Many stars are found in binary systems where two-star orbit one another. Recently, astronomers have discovered two unique stars that revolve around each other at a neck-break speed, meaning they complete an orbit in every 38 minutes. This is about the time it takes to stream a TV drama.
The binary star is named IGR J17062–6143 or J17062 for short and it consists of a rapidly spinning, a super-dense star called a pulsar and a white dwarf with a mass around 1.5 percent of our Sun. Data from NASA’s Neutron star Interior Composition Explorer (NICER) mission show that these stars are only 186,000 miles apart, which is less than the distance between Earth and the moon. The stellar pair now holds the record for the shortest-known orbital period for a certain class of pulsar binary system.
The binary star system was first observed in 2008 by the Rossi X-ray Timing Explorer (RXTE). But that 20-minute observation could not determine the exact orbital speed of the binary star. With NICER installed aboard the International Space Station, researchers were able to observe the system for much longer periods of time and confirmed the record-setting orbital period for a binary system with an accreting millisecond X-ray pulsar (AMXP). X-ray pulsar is a rapidly spinning neutron star that displays variations in X-ray intensity. These variations or pulses mark the locations of hot spots around the pulsar’s magnetic poles, which allow astronomers to determine how fast it is spinning.

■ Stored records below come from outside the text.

Definition profit (R : realType) (n : nat) (gamma : R) (C : contract R n) : R :=
  \sum_(i in target C) price C i - gamma * prec C.

Definition optimal (R : realType) (n : nat) (g : rel 'I_n) (z0 gamma : R)
  (C : contract R n) : Prop :=
  feasible g z0 C /\
  forall C' : contract R n, feasible g z0 C' -> profit gamma C' <= profit gamma C.

From HB Require Import structures.
From mathcomp Require Import all_boot all_order all_algebra.
From mathcomp Require Import reals.
From mathcomp Require Import zify ring lra.
Set Implicit Arguments. Unset Strict Implicit. Unset Printing Implicit Defensive.
Import Order.TTheory GRing.Theory Num.Theory.
Local Open Scope ring_scope.

(* Feasibility caps each price at p(m_i, z), and the Caro-Wei bound
   sum_i 1/(m_i+1) <= alpha(G) controls the revenue.  For z > z0/2 one has
   p(m, z) <= p(0, z)/(m+1), strictly when m > 0, so the profit is at most
   alpha p(0, z) - gamma z.  With s = sqrt(alpha/gamma) this equals
   gamma (s-z0)^2/z0 - gamma (s-z0-z)^2/(z0+z), which is maximal exactly at
   z = s - z0, where a maximum independent set attains it.  For z <= z0/2 the
   crude bound p(m, z) <= 3/(8 z0 (m+1)) keeps the profit below that optimum as
   soon as 3 z0 < s, which is what the hypothesis on z0 guarantees. *)

Lemma ler_pdivM2 (F : numFieldType) (a b c d : F) : 0 < b -> 0 < d ->
  (a / b <= c / d) = (a * d <= c * b).
Proof. by move=> b_gt0 d_gt0; rewrite ler_pdivrMr // mulrAC ler_pdivlMr. Qed.

Lemma ltr_pdivM2 (F : numFieldType) (a b c d : F) : 0 < b -> 0 < d ->
  (a / b < c / d) = (a * d < c * b).
Proof. by move=> b_gt0 d_gt0; rewrite ltr_pdivrMr // mulrAC ltr_pdivlMr. Qed.

Lemma ler_sum_eq (F : numDomainType) (I : finType) (P : pred I) (u v : I -> F) :
  (forall i, P i -> u i <= v i) -> \sum_(i | P i) v i <= \sum_(i | P i) u i ->
  forall i, P i -> u i = v i.
Proof.
move=> le_uv le_sum i Pi; apply/esym/eqP; rewrite -subr_eq0; apply/eqP.
have vu_ge0 j : P j -> 0 <= v j - u j by move/le_uv; rewrite subr_ge0.
apply: (psumr_eq0P vu_ge0 _ Pi).
by apply/eqP; rewrite eq_le sumrB subr_le0 le_sum subr_ge0 ler_sum.
Qed.

Section Graph.
Variables (n : nat) (g : rel 'I_n).

Lemma independentP (S : {set 'I_n}) :
  reflect {in S &, forall i j, ~~ g i j} (independent g S).
Proof.
apply: (iffP forall_inP) => [S_ind i j iS jS | S_ind i iS].
  exact: (forall_inP (S_ind i iS)).
by apply/forall_inP => j jS; apply: S_ind.
Qed.

Lemma independent0 : independent g set0.
Proof. by apply/independentP => i j; rewrite inE. Qed.

Lemma independent_leq_alpha (S : {set 'I_n}) :
  independent g S -> (#|S| <= alpha g)%N.
Proof. by move=> S_ind; apply: leq_bigmax_cond. Qed.

Lemma max_independent_exists : exists S, max_independent g S.
Proof.
have [|S S_ind S_max] := @eq_bigmax_cond _ (independent g) (fun S => #|S|).
  by apply/card_gt0P; exists set0; exact: independent0.
by exists S.
Qed.

Lemma m_of_subset (M M' : {set 'I_n}) i :
  M' \subset M -> (m_of g M' i <= m_of g M i)%N.
Proof. by move=> sM'M; apply/subset_leq_card/setIS. Qed.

Observations reveal that J17062’s pulsar is rotating at about 9,800 revolutions per minute.
“Neutron stars turn out to be truly unique nuclear physics laboratories, from a terrestrial standpoint,” said lead researcher Zaven Arzoumanian, a Goddard astrophysicist for NICER. “We can’t recreate the conditions on neutron stars anywhere within our solar system. One of NICER’s key objectives is to study subatomic physics that isn’t accessible anywhere else.”
Hot spots are caused by long-lasting mass transfer from a low-mass companion star (in J17062, from the white dwarf) through an accretion disc onto a slow-rotating neutron star. As a neutron star continues to pull the material away from a stellar companion through its intense gravitational field, it spins more rapidly and makes hot spots visible for X-ray instruments like NICER, which record the fluctuations. NICER’s high-precision measurements could be used to further study the behavior of neutron stars.
“The distance between us and the pulsar is not constant,” said Tod Strohmayer an astrophysicist at Goddard. “It’s varying by this orbital motion. When the pulsar is closer, the X-ray emission takes a little less time to reach us than when it’s further away. This time delay is small, only about 8 milliseconds for J17062’s orbit, but it’s well within the capabilities of a sensitive pulsar machine like NICER.”